Migration Between Alerting Models
| From → To | Path | Cost |
|---|---|---|
SQL Agent sp_notify_operator (email) → Azure Monitor metric alert + Action Group | Wire metric sql_agent_job_failed → AG | One-time; gains routing + retry |
| Static threshold → Dynamic threshold | Edit alert rule, switch to "Dynamic" | Free; auto-baselined |
| Email-only AG → Email + ITSM connector | Add ITSM action; map fields | Connector setup; integrates with ServiceNow / Jira |
| Separate alert per metric → Multi-resource + grouped alert rules | Use scope = subscription / RG; enable grouping | Cuts rule sprawl; harder to route per-DB |
| Manual ad-hoc alerts → Azure Policy + diagnostic settings | Policy enforces diag settings; alert rules deploy via Bicep | Drift prevention; IaC discipline |
| Storage-only audit → LA + Sentinel detection rules | Add LA destination + Sentinel rule | Adds Sentinel cost; gains correlation |
| Per-DB log alert → Cross-resource KQL alert | Use union / workspace() across LA workspaces | One rule for fleet; auth setup needed |
| Email → webhook → PagerDuty | Replace email action with webhook to PagerDuty | Proper paging; cost = PagerDuty subscription |
Most expensive move: Sentinel adoption for SQL alerts (orchestration tier).
Real Scenarios
- MI + 80 DBs, want SLO-based alerting → 3 metric alerts (CPU, Storage, Connections) at MI scope + 2 log alerts (errors, deadlocks) on LA + 1 ITSM Action Group. Driver: 5 alerts cover 80 % of incidents.

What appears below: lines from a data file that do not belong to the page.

Definition partition_root (P : {set {set T}}) : {ffun T -> T} :=
  [ffun v => arg_min v (fun x => x \in pblock P v) rk].

Section PartitionRoot.

Variable P : {set {set T}}.
Hypothesis P_clique : clique_partition P.

Let P_part : partition P [set: T]. Proof. by case/andP: P_clique. Qed.

Let mem_pblock_self v : v \in pblock P v.
Proof. by rewrite mem_pblock (cover_partition P_part) inE. Qed.

Lemma partition_root_min v : partition_root P v \in pblock P v /\
  forall y, y \in pblock P v -> rk (partition_root P v) <= rk y.
Proof. by rewrite ffunE; case: arg_minnP => // x. Qed.

Lemma pblock_partition_root v : pblock P (partition_root P v) = pblock P v.
Proof.
by apply: same_pblock (partition_trivIset P_part) _; case: (partition_root_min v).
Qed.

Lemma eq_partition_root x y :
  (partition_root P x == partition_root P y) = (pblock P x == pblock P y).
Proof.
apply/eqP/eqP => [rxy | Pxy].
  by rewrite -pblock_partition_root rxy pblock_partition_root.
have [rx_in rx_min] := partition_root_min x; have [ry_in ry_min] := partition_root_min y.
by rewrite Pxy in rx_in rx_min; apply: (eq_rk_min rx_in ry_in).
Qed.

Lemma partition_root_root : root_map (partition_root P).
Proof.
apply/root_mapP; split=> [v | v | v w vw].
- by apply/eqP; rewrite eq_partition_root pblock_partition_root.
- by case: (partition_root_min v) => _; apply.
move/eqP; rewrite eq_partition_root => /eqP Pvw.
have Pv : pblock P v \in P by rewrite pblock_mem // (cover_partition P_part) inE.
case/andP: P_clique => _ /forallP/(_ _)/implyP/(_ Pv)/forallP/(_ v)/implyP.
move/(_ (mem_pblock_self v))/forallP/(_ w)/implyP; rewrite Pvw.
by move/(_ (mem_pblock_self w))/implyP/(_ vw).
Qed.

Lemma partition_rootK : root_partition (partition_root P) = P.
Proof.
rewrite -[RHS](preim_partition_pblock P_part) /root_partition /preim_partition.
rewrite /equivalence_partition; apply: eq_imset => x; apply/setP => y.
by rewrite !inE eq_partition_root.
Qed.

End PartitionRoot.

Lemma root_partitionK f : root_map f -> partition_root (root_partition f) = f.
Proof.
move=> f_root; apply/ffunP => v; have P_clique := root_partition_clique f_root.
have [rv_in rv_min] := partition_root_min P_clique v.
apply: (@eq_rk_min (pblock (root_partition f) v)) => //.
  by rewrite mem_pblock_root_partition root_map_idem.
by move=> y; rewrite mem_pblock_root_partition => /eqP->; apply: root_map_rk.
Qed.
(* Let $R$ be a left noetherian domain and let $A=\sigma(R)\langle x_1,\dots,x_n\rangle$ be a bijective skew PBW extension of $R$. (i) The algebraic subsets of $R^n$ are the closed sets of a topology on $R^n$ (the Zariski topology); that is, $\emptyset$ and $R^n$ are algebraic, the union of two algebraic sets is algebraic, and the intersection of any family of algebraic sets is algebraic. (ii) Every finite subset $X\subseteq R^n$ is algebraic, hence closed in this topology.
   Context: Skew PBW extension: a ring $A$ is a skew PBW extension of a ring $R$, written $A=\sigma(R)\langle x_1,\dots,x_n\rangle$, if (1) $R\subseteq A$ is a subring; (2) there are $x_1,\dots,x_n\in A$ such that $A$ is a free left $R$-module with basis $\mathrm{Mon}(A)=\{x^\alpha=x_1^{\alpha_1}\cdots x_n^{\alpha_n}:\alpha\in\mathbb N^n\}$; (3) for every $i$ and every $r\in R\setminus\{0\}$ there is $c_{i,r}\in R\setminus\{0\}$ with $x_ir-c_{i,r}x_i\in R$; (4) for every $i,j$ there is $c_{i,j}\in R\setminus\{0\}$ with $x_jx_i-c_{i,j}x_ix_j\in R+Rx_1+\cdots+Rx_n$. For each $i$ there are then an injective ring endomorphism $\sigma_i$ of $R$ and a $\sigma_i$-derivation $\delta_i$ of $R$ with $x_ir=\sigma_i(r)x_i+\delta_i(r)$ for all $r\in R$. $A$ is bijective if every $\sigma_i$ is bijective and every $c_{i,j}$ is invertible. Under these hypotheses $A$ is a left noetherian domain. Roots and vanishing sets: for $Z=(z_1,\dots,z_n)\in R^n$, $\langle Z\rangle$ denotes the two-sided ideal of $A$ generated by $x_1-z_1,\dots,x_n-z_n$. $Z$ is a root of $f\in A$, written $f(Z)=0$, iff $f\in\langle Z\rangle$. For $f\in A$, $V(f)=\{Z\in R^n: f(Z)=0\}$. Algebraic sets: a subset $X\subseteq R^n$ is algebraic if either $X=R^n$ or there exists $0\neq g\in A$ with $X\subseteq V(g)$. *)

From HB Require Import structures.
From mathcomp Require Import all_boot all_order all_algebra.
Set Implicit Arguments. Unset Strict Implicit. Unset Printing Implicit Defensive.
Import GRing.Theory.
Local Open Scope ring_scope.

(* R is a domain: no zero divisors (nontriviality 1 != 0 is built into nzRingType). *)
Definition is_domain (R : nzRingType) : Prop :=
  forall a b : R, a * b = 0 -> a = 0 \/ b = 0.

Definition is_left_ideal (R : nzRingType) (I : R -> Prop) : Prop :=
  [/\ I 0, (forall a b, I a -> I b -> I (a + b)) & (forall r a, I a -> I (r * a))].

Definition left_noetherian (R : nzRingType) : Prop :=
  forall I : nat -> R -> Prop,
    (forall k, is_left_ideal (I k)) ->
    (forall k a, I k a -> I k.+1 a) ->
    exists N, forall m, (N <= m)%N -> forall a, I m a -> I N a.

Definition is_unit_elt (R : nzRingType) (c : R) : Prop :=
  exists c', c * c' = 1 /\ c' * c = 1.

(* R is identified with its image under the injective ring morphism phi : R -> A. *)

Definition monomial (A : nzRingType) (n : nat) (x : 'I_n -> A)
  (alpha : {ffun 'I_n -> nat}) : A :=
  \prod_(i < n) x i ^+ alpha i.

Definition skew_PBW (R A : nzRingType) (phi : {rmorphism R -> A}) (n : nat)
  (x : 'I_n -> A) : Prop :=
  [/\ (* (1) R is a subring of A *)
      injective phi,
      (forall a : A, exists (s : seq {ffun 'I_n -> nat}) (c : {ffun 'I_n -> nat} -> R),
          a = \sum_(al <- s) phi (c al) * monomial x al),
      (forall (s : seq {ffun 'I_n -> nat}) (c : {ffun 'I_n -> nat} -> R),
          uniq s -> \sum_(al <- s) phi (c al) * monomial x al = 0 ->
          forall al, al \in s -> c al = 0),
      (forall (i : 'I_n) (r : R), r != 0 ->
          exists c : R, c != 0 /\ exists d : R, x i * phi r - phi c * x i = phi d)
    &
      (forall i j : 'I_n, exists c : R, c != 0 /\
          exists (d0 : R) (d : 'I_n -> R),
            x j * x i - phi c * x i * x j = phi d0 + \sum_(k < n) phi (d k) * x k)].

(* Bijectivity: every sigma_i is surjective (it is automatically injective),
   where x_i r = sigma_i(r) x_i + delta_i(r); i.e. for every s there is r with
   x_i r - s x_i in R.  And every c_{i,j} (uniquely determined) is invertible. *)
Definition bijective_skew_PBW (R A : nzRingType) (phi : {rmorphism R -> A}) (n : nat)
  (x : 'I_n -> A) : Prop :=
  [/\ skew_PBW phi x,
      (forall (i : 'I_n) (s : R), exists r d : R, x i * phi r - phi s * x i = phi d)
    & (forall i j : 'I_n, exists c : R, is_unit_elt c /\
          exists (d0 : R) (d : 'I_n -> R),
            x j * x i - phi c * x i * x j = phi d0 + \sum_(k < n) phi (d k) * x k)].

(* membership in the two-sided ideal <Z> generated by x_1 - z_1, ..., x_n - z_n *)
Definition in_ideal_pt (R A : nzRingType) (phi : {rmorphism R -> A}) (n : nat)
  (x : 'I_n -> A) (Z : 'I_n -> R) (f : A) : Prop :=
  exists s : seq ('I_n * A * A),
    f = \sum_(t <- s) t.1.2 * (x t.1.1 - phi (Z t.1.1)) * t.2.

Definition is_root_pt (R A : nzRingType) (phi : {rmorphism R -> A}) (n : nat)
  (x : 'I_n -> A) (f : A) (Z : 'I_n -> R) : Prop :=
  in_ideal_pt phi x Z f.

Definition Vset (R A : nzRingType) (phi : {rmorphism R -> A}) (n : nat)
  (x : 'I_n -> A) (f : A) : ('I_n -> R) -> Prop :=
  fun Z => is_root_pt phi x f Z.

- 24/7 SaaS, on-call rotation → All alerts → Action Group webhook → PagerDuty (rotation) + Teams channel for visibility. Driver: paging on real incidents, signal in chat for situational awareness.
- Multi-region failover → Activity Log alert on
Microsoft.Sql/.../failover/action. Driver: instant notify when FOG initiates. Trade-off: AG must point to the surviving region. - Cost guardrail on Azure SQL DB DTU model → Metric alert on
dtu_consumption_percent > 90 % for 30 min. Driver: detect before throttle. Trade-off: noisy on bursty workloads — use dynamic threshold. - DBA wants to monitor
tempdbsaturation across SQL VM fleet → Workbook on Azure Monitor for VMs counter\SQLServer:Databases(tempdb)\Data File(s) Size (KB)→ alert at 80 % of provisioned. Driver: prevent tempdb-out-of-space outages.